Le leadership religieux mérite d’être salué en ce jour de fête de fin du Ramadan, grand moment musulman, sans oublier d’y associer le clergé catholique. Parce qu’il ne s’agit pas de célébrer son rôle de guide spirituel qui relève de son action normale mais de se féliciter de la manière dont ses principales figures ont assumé leurs devoirs face à la grande pandémie du coronavirus.

La crise a révélé leur leadership. Qui n’a pas été frappé par le discours rassurant du Khalife général des mourides, Serigne Mountakha Mbacke, que l’on a eu trop vite accusé d’avoir pris un pari risqué en allant prier à la grande mosquée de la ville de Touba à l’aube de l’arrivée du virus.

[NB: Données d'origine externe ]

Lemma Zp_card_ge p C : free_ultrafilter p -> (forall n, C n !=set0) ->
  (forall m n, m <> n -> C m `&` C n = set0) ->
  (forall k, exists N, forall n, N <= n -> `I_k #<= C n) ->
  [set: set nat] #<= Zp p C.
Proof.
move=> freep C_ne C_disj C_grow; have ultrap := freep.1.
pose m n := fitting_bits (C n) n.+1.
pose embeds n f := set_fun `I_(2 ^ m n) (C n) f /\ set_inj `I_(2 ^ m n) f.
have [F F_inj] : {F : nat -> nat -> nat & forall n, embeds n (F n)}.
  apply: choice => n.
  by have /pcard_leP/injfunPex [f] := fitting_bits_card n.+1 (C_ne n); exists f.
pose g x n := F n (bin_code x (m n)).
have Cg x : selectors C (g x) by move=> n; apply: (F_inj n).1; exact: bin_code_lt.
apply/pcard_leP/injfunPex; exists (fun x => uf_plim p (g x)).
  by move=> x _; rewrite Zp_image //; exists (g x).
move=> x y _ _ gxy; apply/funext => i; apply/propext; apply: contrapT => xyi.
apply: (uf_plim_neq ultrap C_disj (Cg x) (Cg y) _ gxy).
have [N C_N] := C_grow (2 ^ i.+1).
apply: (ultraS ultrap) (free_ultra_ge (maxn N i.+1) freep) => n /=.
rewrite geq_max => /andP [Nn iltn] gxyn; apply/xyi/(bin_code_inj _ (i := i)).
- by apply: (F_inj n).2 gxyn; rewrite inE /=; exact: bin_code_lt.
- by apply: fitting_bits_ge; [|exact: C_N].
Qed.

Unset Implicit Arguments.

Theorem lemma2p1
  (X : set (set (set nat)))
  (HXw : forall n : nat, X (pu n))
  (HXb : X `<=` BW)
  (p : set (set nat))
  (Hp : free_ultrafilter p)
  (C : nat -> set nat)
  (HCne : forall n, C n !=set0)
  (HCfin : forall n, finite_set (C n))
  (HCdisj : forall m n, m <> n -> C m `&` C n = set0) :
  ((exists F, CL_plim X p (fun n => as_bw (C n)) F) <->
     CL_plim X p (fun n => as_bw (C n)) (closure_in X (Zp p C))) /\
  (CL_plim X p (fun n => as_bw (C n)) (closure_in X (Zp p C)) <->
     Zp p C `<=` X) /\
  ((forall n, C n #<= C n.+1) ->
   (forall k, exists N, forall n, (N <= n)%N -> `I_k #<= C n) ->
   Zp p C #= [set: set nat]).
Proof.
have ultrap := Hp.1.
have plim_Zp_sub F := @CL_plim_Zp_sub p ultrap C HCdisj X HXb F.
have Zp_sub_plim := Zp_sub_CL_plim ultrap HXb HCne HXw HCfin.
split; [split|split; [split|]].
- by move=> [F /plim_Zp_sub /Zp_sub_plim].
- by move=> plimZ; exists (closure_in X (Zp p C)).
- exact: plim_Zp_sub.
- exact: Zp_sub_plim.
-
  move=> _ C_grow; apply/card_eqPle; split; first exact: Zp_card_le.
  exact: Zp_card_ge.
Qed.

Nombreux furent ceux qui pensèrent qu’il allait être un coupable dans la propagation du corona par cet acte induisant une dangereuse promiscuité propice à la pénétration du Corona au sein des populations.

Primat moral

Non seulement, doigts croisés, il n’en n’est rien, mais chaque jour qui passe a mis en relief le primat moral du guide de la confrérie des mourides. Personne n’oublie ses appels au calme, sa banalisation de la pandémie, du virus qui la porte, en y voyant une manifestation divine qui pouvait être maîtrisée avec l’aide de notre Seigneur parce que son invocation par le respect de ses instructions pouvait agir positivement pour contrer ce défi qu’il nous impose.

En se mettant au service de ses ouailles, en respectant et faisant respecter les mesures de prévention édictées par les autorités sanitaires, en leur offrant soutien financier et nourritures et se montrant courageux, au front, tout en maintenant l’ouverture de la mosquée, sur des critères prudentiels, nul ne peut méconnaître la qualité du leadership qu’il a déployé depuis l’avènement du coronavirus.

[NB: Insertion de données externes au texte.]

(* The bounds for the remaining lines are shifted by the injections of two
   angles of the leaf line: [ths jm e], minimising the leaf injection, and [xb],
   whose leaf injection is the averaged one and whose injection at [kk] is at
   most the average by the supporting line. *)
Let shifted_bounds (L U : 'I_n -> R) jm xb :
  (forall j v, L v <= partial_injection E (ths j) v) ->
  (forall v, \sum_(j < k) w j * partial_injection E (ths j) v <= U v) ->
  (forall j, c (ths jm e) <= c (ths j e)) ->
  c xb = \sum_(j < k) w j * c (ths j e) -> d xb <= \sum_(j < k) w j * d (ths j e) ->
  (forall j v, L v - line_injection e (ths jm e) v <=
               partial_injection (E :\ e) (ths j) v) /\
  (forall v, \sum_(j < k) w j * partial_injection (E :\ e) (ths j) v <=
             U v - line_injection e xb v).
Proof.
move=> L_le le_U c_min c_xb d_xb; split=> [j v|v].
- have [->|vl] := eqVneq v l.
    by rewrite (partial_injection_leaf _ leaf) -/(c (ths jm e)) subr_le0 -P_l.
  have [->|vk] := eqVneq v kk.
    rewrite -/(d (ths jm e)); have := L_le j kk; rewrite P_k.
    have := tradeoff_anti cd (ths_adm jm e) (ths_adm j e) (c_min j); lra.
  by rewrite (line_injection_other _ jlk vl vk) subr0 -P_off //; apply: L_le.
- have [->|vl] := eqVneq v l.
    rewrite -/(c xb) big1 => [|j _]; last by rewrite (partial_injection_leaf _ leaf) mulr0.
    by rewrite subr_ge0 c_xb; move: (le_U l); under eq_bigr do rewrite P_l.
  have [->|vk] := eqVneq v kk.
    rewrite -/(d xb) (eq_bigr (fun j =>
      w j * (partial_injection E (ths j) kk - d (ths j e)))).
      by rewrite convex_combB; have := le_U kk; lra.
    by move=> j _; rewrite P_k addrAC subrr add0r.
  rewrite (line_injection_other _ jlk vl vk) subr0.
  by under eq_bigr do rewrite -(P_off _ vl vk); apply: le_U.
Qed.

(* An angle between [ths jm e] and [xb] fits the bounds at [l] and those left
   at [kk]. *)
Lemma sandwiched_leaf : sandwiched (E :\ e) -> sandwiched E.
Proof.
move=> IH L U L_le le_U; pose j0 : 'I_k := Ordinal (weights_nonempty w_sum1).
have [jm _ c_min] := @arg_minP _ _ _ j0 xpredT (fun j => c (ths j e)) isT.
have [xb xbI [c_xb d_xb]] := tradeoff_average cd w_ge0 w_sum1 (fun j => ths_adm j e).
have [L'_le le_U'] := shifted_bounds L_le le_U (fun j => c_min j isT) c_xb d_xb.
have [th' th'I th'_bd] := IH _ _ L'_le le_U'.
have /andP[low_k up_k] := th'_bd kk; rewrite -/(d (ths jm e)) -/(d xb) in low_k up_k.
have L_U_k : L kk <= U kk.
  by apply: le_trans (le_U kk); apply: convex_comb_ge => // j; apply: L_le.
have c_ab : c (ths jm e) <= c xb by rewrite c_xb convex_comb_ge // => j; apply: c_min.
have [x xI [/andP[c_x1 c_x2] /andP[d_x1 d_x2]]] :=
  tradeoff_window cd (ths_adm jm e) xbI c_ab
    (low := L kk - partial_injection (E :\ e) th' kk)
    (up := U kk - partial_injection (E :\ e) th' kk)
    (ltac:(lra)) (ltac:(lra)) (ltac:(lra)).
have L_l : L l <= c (ths jm e) by rewrite -P_l.
have U_l : c xb <= U l by move: (le_U l); under eq_bigr do rewrite P_l; rewrite c_xb.
exists (fun e' => if e' == e then x else th' e') => [e'|v].
  by case: eqP => [->|].
have rest_eq : partial_injection (E :\ e) (fun e' => if e' == e then x else th' e') =1
               partial_injection (E :\ e) th'.
  by apply: eq_partial_injection => e'; rewrite !inE => /andP[/negbTE -> _].
have [->|vl] := eqVneq v l; first by rewrite P_l eqxx; apply/andP; split; lra.
have [->|vk] := eqVneq v kk; first by rewrite P_k eqxx rest_eq; apply/andP; split; lra.
rewrite P_off // rest_eq; have := th'_bd v.
by rewrite !(line_injection_other _ jlk vl vk) !subr0.
Qed.

End LeafStep.

Lemma partial_injection_sandwich E (L U : 'I_n -> R) :
  (forall j v, L v <= partial_injection E (ths j) v) ->
  (forall v, \sum_(j < k) w j * partial_injection E (ths j) v <= U v) ->
  exists2 th, admissible th & forall v, L v <= partial_injection E th v <= U v.
Proof. exact: (leaf_edge_ind acyclic sandwiched0 (@sandwiched_leaf)). Qed.

End Sandwich.

End PartialInjection.

Section Pareto.
Variables (R : realType) (n : nat) (A : set ('I_n -> R)).
Hypothesis A_antichain :
  forall x y, A x -> A y -> (forall j, y j <= x j) -> y = x.

Lemma conv_hull_sup : A `<=` conv_hull A.
Proof.
move=> x Ax; exists 1%N, (fun=> 1), (fun=> x); split=> [_|]; first exact: ler01.
by rewrite big_ord1; split=> //; split=> //; apply/funext => j; rewrite big_ord1 mul1r.
Qed.

Lemma pareto_set_antichain : pareto_set A = A.
Proof.
apply/seteqP; split=> [x []//|x Ax]; split=> // -[y [Ay [yx [j]]]].
by rewrite (A_antichain Ax Ay yx) ltxx.
Qed.

Lemma pareto_set_conv_hull :
  (forall y, conv_hull A y -> exists2 z, A z & forall j, z j <= y j) ->
  pareto_set (conv_hull A) = A.
Proof.
move=> dominated; apply/seteqP; split=> [x [/dominated [z Az zx] x_opt] | x Ax].
  suff -> : x = z by [].
  apply/funext => j; apply/eqP; rewrite eq_le zx andbT leNgt; apply/negP => zj.
  by apply: x_opt; exists z; split; [exact: conv_hull_sup | split => //; exists j].
split; first exact: conv_hull_sup.
move=> [y [/dominated [z Az zy] [yx [j yj]]]].
have zx : forall i, z i <= x i by move=> i; exact: le_trans (zy i) (yx i).
by move: (zy j); rewrite (A_antichain Ax Az zx) leNgt yj.
Qed.

End Pareto.

Section Network.
Variables (R : realType) (n m : nat) (ends : 'I_m -> 'I_n * 'I_n).
Variables (V : 'I_n -> R) (g b lo hi : 'I_m -> R).
Hypothesis acyclic : acyclic_net ends.
Hypothesis line_tradeoff : forall e, tradeoff_curve (lo e) (hi e)
  (fun x => (line_flow ends V g b e x).1) (fun x => (line_flow ends V g b e x).2).

Local Notation flow := (line_flow ends V g b).
Local Notation admissible := (admissible lo hi).
Local Notation total_injection := (partial_injection ends flow [set: 'I_m]).

Lemma F_thetaP f : F_theta ends V g b lo hi f <->
  exists2 th, admissible th & f = fun e => flow e (th e).
Proof.
split=> [/choice [th f_th] | [th th_adm ->] e].
  exists th => [e|]; first by rewrite in_itv; case: (f_th e).
  by apply/funext => e; case: (f_th e).
by exists (th e); split => //; move: (th_adm e); rewrite in_itv.
Qed.

Lemma injection_line_flow th :
  injection ends (fun e => flow e (th e)) = total_injection th.
Proof.
apply/funext => v; rewrite /partial_injection (eq_bigl xpredT) => [|e]; last by rewrite inE.
by rewrite big_split /= /injection -!big_mkcond.
Qed.

Lemma P_thetaP p : P_theta ends V g b lo hi p <->
  exists2 th, admissible th & p = total_injection th.
Proof.
split=> [[f [/F_thetaP [th th_adm ->] <-]] | [th th_adm ->]].
  by exists th; rewrite ?injection_line_flow.
exists (fun e => flow e (th e)); rewrite injection_line_flow; split => //.
by apply/F_thetaP; exists th.
Qed.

Son affirmation confirme l’importance de la religion dans l’équilibre de notre société. C’est que le Sénégal est devenu un pays assis sur un socle religieux. Ne pas le reconnaître, c’est passer à côté de ce qui le fonde.

Au delà de Serigne Mountakha, un coup d’œil d’aigle sur l’adaptation des autres guides religieux à la nécessité de combattre le coronavirus les a montrés sous un jour remarquable et, d’une certaine manière, en forces sociales indispensables à la régulation de notre pays que l’on aurait donc tort de ne voir, comme cela est parfois le cas, que comme des prébendiers de mèche avec le pouvoir politique corrupteur.

Prenons l’exemple de Serigne Babacar Sy Mansour. Sa simplicité et son humilité légendaires ont été mises à contribution pour donner le bon ordre à suivre par les Tidianes, l’autre grande communauté musulmane du pays, notamment par la fermeture des mosquées, et l’application des mesures sanitaires publiques.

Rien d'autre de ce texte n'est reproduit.